OpenAI and Anthropic, two of the world’s leading AI research labs, briefly opened access to their usually highly confidential AI models for joint safety testing—an uncommon collaboration during a period of intense competition. The initiative aimed to uncover blind spots in each company's internal evaluations and demonstrate how leading AI firms can collaborate on safety and alignment moving forward.
In an interview with TechCrunch, OpenAI co-founder Wojciech Zaremba stated that such collaboration has become increasingly crucial as AI enters a phase of development marked by "profound implications," with millions using AI models daily.
"Even with billions of dollars invested and fierce competition for talent, users, and the best products, the broader question remains: how will the industry set standards for safety and cooperation?" Zaremba remarked.
Released on Wednesday, the joint safety study was conducted amid an arms race among top AI labs like OpenAI and Anthropic, where investments in data centers reaching billions of dollars and researcher compensation packages worth tens of millions have become standard. Some experts caution that the intensity of product competition might lead companies to overlook safety during the development of increasingly powerful systems.

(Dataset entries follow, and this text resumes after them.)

Fixpoint wf (q : PTree) : bool :=
  match q with
  | Leaf _ => true
  | Internal qs p =>
      all wf qs &&
      all (fun i => pifo_count p i == tsize (nth (Leaf [::]) qs i)) (iota 0 (size qs))
  end.

Fixpoint snap (q : PTree) : seq (seq Pkt) :=
  match q with
  | Leaf p => [:: pifo_flush p]
  | Internal qs _ => flatten (map snap qs)
  end.

(* flush for well-formed q: each pop of a well-formed nonempty tree succeeds
   and decreases the size by one, so |q| pops empty the tree. *)
Fixpoint flush_fuel (n : nat) (q : PTree) : seq Pkt :=
  match n with
  | 0 => [::]
  | n'.+1 => match pop q with
             | Some (x, q') => rcons (flush_fuel n' q') x
             | None => [::]
             end
  end.
Definition flush (q : PTree) : seq Pkt := flush_fuel (tsize q) q.

End PIFOTrees.

From Pilot Require Import Defs.
From mathcomp Require Import all_boot all_order.
Set Implicit Arguments. Unset Strict Implicit. Unset Printing Implicit Defensive.

(* Give every PIFO of the tree the same rank, so that every pop is first-in
   first-out.  Label the leaves of t by pkt_1, ..., pkt_n from left to right
   and enqueue pi(pkt_1), ..., pi(pkt_n) in this order: each packet is stored
   at its leaf, and each internal PIFO on the way records, in arrival order,
   the child through which the packet went.  Every leaf then holds exactly one
   packet.  A FIFO pop at an internal node selects the child of its oldest
   packet, which in turn pops that same packet, so the tree pops the packets
   in arrival order and the flush (last pop leftmost) is
   pi(pkt_n) ... pi(pkt_1). *)

Section Blocks.
Variable T : eqType.
Implicit Types (ss : seq (seq T)) (o : seq T).

Definition block_index ss (y : T) : nat := find (fun c => y \in c) ss.

Lemma block_index_lt ss y : y \in flatten ss -> block_index ss y < size ss.
Proof. by move=> /flattenP[c ssc yc]; rewrite -has_find; apply/hasP; exists c. Qed.

Lemma mem_nth_block ss i y : uniq (flatten ss) ->
  (y \in nth [::] ss i) = (y \in flatten ss) && (block_index ss y == i).
Proof.
rewrite /block_index; elim: ss i => [|c ss IH] i /=; first by rewrite nth_nil.
rewrite cat_uniq mem_cat => /and3P[_ /hasPn disj uss].
case: i => [|i] /=; case yc: (y \in c) => //=; rewrite ?andbF ?eqSS ?IH //.
by apply/negbTE/negP => /andP[/disj]; rewrite yc.
Qed.

Lemma count_mem_flatten ss o : uniq (flatten ss) ->
  count (mem (flatten ss)) o = sumn [seq count (mem c) o | c <- ss].
Proof.
elim: ss => [|c ss IH] /=; first by rewrite count_pred0.
rewrite cat_uniq => /and3P[_ /hasPn disj /IH <-].
have disj_c : count (predI (mem c) (mem (flatten ss))) o = 0.
  rewrite (eq_count (a2 := pred0)) ?count_pred0 // => y /=.
  by case y_ss: (y \in flatten ss); rewrite ?andbF // (negbTE (disj y y_ss)).
rewrite -count_predUI disj_c addn0; apply: eq_count => y.
by rewrite /= mem_cat.
Qed.

End Blocks.

Lemma uniq_nth_reshape (T : eqType) sh (s : seq T) i :
  uniq s -> uniq (nth [::] (reshape sh s) i).
Proof. by rewrite nth_reshape => /drop_uniq/take_uniq. Qed.

Lemma mem_nth_reshape (T : eqType) sh (s : seq T) i y :
  y \in nth [::] (reshape sh s) i -> y \in s.
Proof. by rewrite nth_reshape => /mem_take/mem_drop. Qed.

Lemma size_nth_reshape (T : Type) sh (s : seq T) i : size s = sumn sh ->
  i < size sh -> size (nth [::] (reshape sh s) i) = nth 0 sh i.
Proof.
move=> s_sh i_sh; rewrite -(nth_map _ 0) ?size_reshape //.
by rewrite -/(shape _) reshapeKl // s_sh.
Qed.

Lemma set_nth_mkseq (T : Type) (x0 : T) (f g : nat -> T) n k : k < n ->
  (forall j, j < n -> j != k -> f j = g j) ->
  set_nth x0 (mkseq f n) k (g k) = mkseq g n.
Proof.
move=> lt_k_n fg; apply: (@eq_from_nth _ x0) => [|j].
  by rewrite size_set_nth !size_mkseq; apply/maxn_idPr.
rewrite size_set_nth size_mkseq (maxn_idPr lt_k_n) => lt_j_n.
rewrite nth_set_nth /= !nth_mkseq //; case: eqP => [-> //|/eqP].
exact: fg.
Qed.

Local Notation blocks ts s := (reshape (map leaves ts) s).

Lemma flatten_blocks (T : Type) ts (s : seq T) :
  size s = sumn (map leaves ts) -> flatten (blocks ts s) = s.
Proof. by move=> s_ts; rewrite reshapeKr // s_ts. Qed.

Lemma size_nth_blocks (T : Type) ts (s : seq T) i :
  size s = sumn (map leaves ts) -> i < size ts ->
  size (nth [::] (blocks ts s) i) = leaves (nth Star ts i).
Proof.
by move=> s_ts lt_i; rewrite size_nth_reshape ?size_map // (nth_map Star).
Qed.

Lemma block_index_blocks_lt (T : eqType) ts (s : seq T) y :
  size s = sumn (map leaves ts) -> y \in s ->
  block_index (blocks ts s) y < size ts.
Proof.
move=> s_ts y_s; rewrite -(size_map leaves) -(size_reshape _ s).
by rewrite block_index_lt ?flatten_blocks.
Qed.

Fixpoint map_blocks (T R : Type) (f : Topo -> seq T -> R) ts (s : seq T) : seq R :=
  if ts is t :: ts' then
    f t (take (leaves t) s) :: map_blocks f ts' (drop (leaves t) s)
  else [::].

Lemma map_blocksE (T R : Type) (f : Topo -> seq T -> R) ts (s : seq T) :
  map_blocks f ts s =
  mkseq (fun i => f (nth Star ts i) (nth [::] (blocks ts s) i)) (size ts).
Proof.
elim: ts s => [|t ts IH] s //=.
by rewrite IH /mkseq /= -[1]/(1 + 0) iotaDl -map_comp.
Qed.

Lemma Topo_nth_ind (P : Topo -> Prop) : P Star ->
  (forall ts, (forall i, P (nth Star ts i)) -> P (Node ts)) -> forall t, P t.
Proof.
move=> PStar PNode; fix IH 1 => -[|ts]; first exact: PStar.
apply: PNode; elim: ts => [|t ts IHts] [|i];
  [exact: PStar | exact: PStar | exact: IH | exact: IHts].
Qed.

Lemma labelling_ind (T : Type) (P : Topo -> seq T -> Prop) :
  (forall x, P Star [:: x]) ->
  (forall ts s, size s = sumn (map leaves ts) ->
     (forall i, i < size ts -> P (nth Star ts i) (nth [::] (blocks ts s) i)) ->
   P (Node ts) s) ->
  forall t s, size s = leaves t -> P t s.
Proof.
move=> PStar PNode; elim/Topo_nth_ind => [|ts IH] s /= s_ts.
  by case: s s_ts => [|x []] // _; apply: PStar.
by apply: PNode => // i lt_i_ts; apply/IH/size_nth_blocks.
Qed.

Section Fifo.
Variables (d : Order.disp_t) (Rk : orderType d) (r0 : Rk).

Definition fifo (S : Type) (xs : seq S) : PIFO Rk S := [seq (x, r0) | x <- xs].

Lemma pifo_pop_fifo (S : Type) (x : S) xs :
  pifo_pop (fifo (x :: xs)) = Some (x, fifo xs).
Proof.
rewrite /pifo_pop /=; set m := foldl _ r0 _.
have -> : m = r0.
  by rewrite {}/m; elim: xs => //= y xs; rewrite Order.POrderTheory.minxx.
by rewrite eqxx /= drop0.
Qed.

Lemma pifo_flush_fifo (S : Type) (xs : seq S) : pifo_flush (fifo xs) = rev xs.
Proof.
have flushS n (p : PIFO Rk S) : pifo_flush_fuel n.+1 p =
    if pifo_pop p is Some (y, p') then rcons (pifo_flush_fuel n p') y else [::].
  by [].
rewrite /pifo_flush size_map; elim: xs => // x xs IH.
by rewrite flushS pifo_pop_fifo IH rev_cons.
Qed.

Lemma pifo_count_fifo (S : eqType) (xs : seq S) i :
  pifo_count (fifo xs) i = count_mem i xs.
Proof. exact: count_map. Qed.

End Fifo.

Section Pop.
Variables (Pkt : Type) (d : Order.disp_t) (Rk : orderType d).
Local Notation tree := (PTree Pkt Rk).
Implicit Types (q : tree) (qs : seq tree) (p : PIFO Rk nat).

(* The [let fix] inside [pop], named so that it can be folded. *)
Fixpoint pop_child qs (i : nat) : option (Pkt * seq tree) :=
  match qs, i with
  | [::], _ => None
  | q :: qs', 0 => if pop q is Some (x, q') then Some (x, q' :: qs') else None
  | q :: qs', j.+1 =>
      if pop_child qs' j is Some (x, qs'') then Some (x, q :: qs'') else None
  end.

To make this research possible, both companies granted each other special API access to certain versions of their AI models with reduced safety safeguards (OpenAI clarified that GPT-5 was not tested, as it has not yet been released). However, shortly after the study, Anthropic revoked API access for another OpenAI team. At the time, Anthropic alleged that OpenAI had violated its terms of service, which prohibit using Claude to enhance competing products.
Zaremba said the two incidents were unrelated and that he expects competition to remain fierce even as safety teams attempt to collaborate. Nicholas Carlini, a safety researcher at Anthropic, told TechCrunch that he hopes future collaborations will continue to allow OpenAI’s safety researchers access to the Claude model.
"We want to increase collaboration as much as possible at the safety frontier and work toward making this kind of cooperation more routine," Carlini explained.
One of the most notable findings from the study involved hallucination testing. Anthropic’s Claude Opus 4 and Sonnet 4 models declined to answer up to 70% of questions when uncertain of the correct response, instead replying with statements like “I don’t have reliable information.” Meanwhile, OpenAI’s o3 and o4-mini models refused to answer far less frequently but exhibited higher hallucination rates, attempting to answer even when information was insufficient.
Zaremba noted that the ideal balance may lie somewhere in the middle—OpenAI's models might benefit from declining more often, while Anthropic's could consider offering more answers in certain cases.
Another key area of concern was "assistant gratification," the tendency of AI models to reinforce harmful behaviors to please users, which has emerged as one of the most pressing safety issues in AI systems.
In Anthropic’s research report, the company identified "extreme" examples of gratification in GPT-4.1 and Claude Opus 4—models that initially challenged psychiatric or manic behaviors but later validated concerning decisions. Researchers observed lower levels of gratification in other AI models developed by OpenAI and Anthropic.
On Tuesday, the parents of a 16-year-old boy named Adam Rynn filed a lawsuit against OpenAI, alleging that ChatGPT—particularly the GPT-4o-powered version—provided their son with advice that assisted in his suicide rather than challenging his suicidal thoughts. The case highlights a potential tragic consequence of AI chatbot gratification.
"It's hard to imagine how difficult this must be for their family," Zaremba said when asked about the incident. "If we build AI that solves all these complex PhD-level problems, invents new science, but at the same time, we cause people to experience mental health issues through our interactions, that's a dystopian future I’m not interested in."
In a blog post, OpenAI stated that its AI chatbots using GPT-5 show significantly reduced gratification tendencies compared to GPT-4o, claiming that the newer model performs better in handling mental health emergencies.
Looking ahead, Zaremba and Carlini expressed hope that OpenAI and Anthropic will continue to collaborate on safety testing, exploring additional topics and evaluating future models, and that other AI labs will follow suit in adopting this collaborative approach.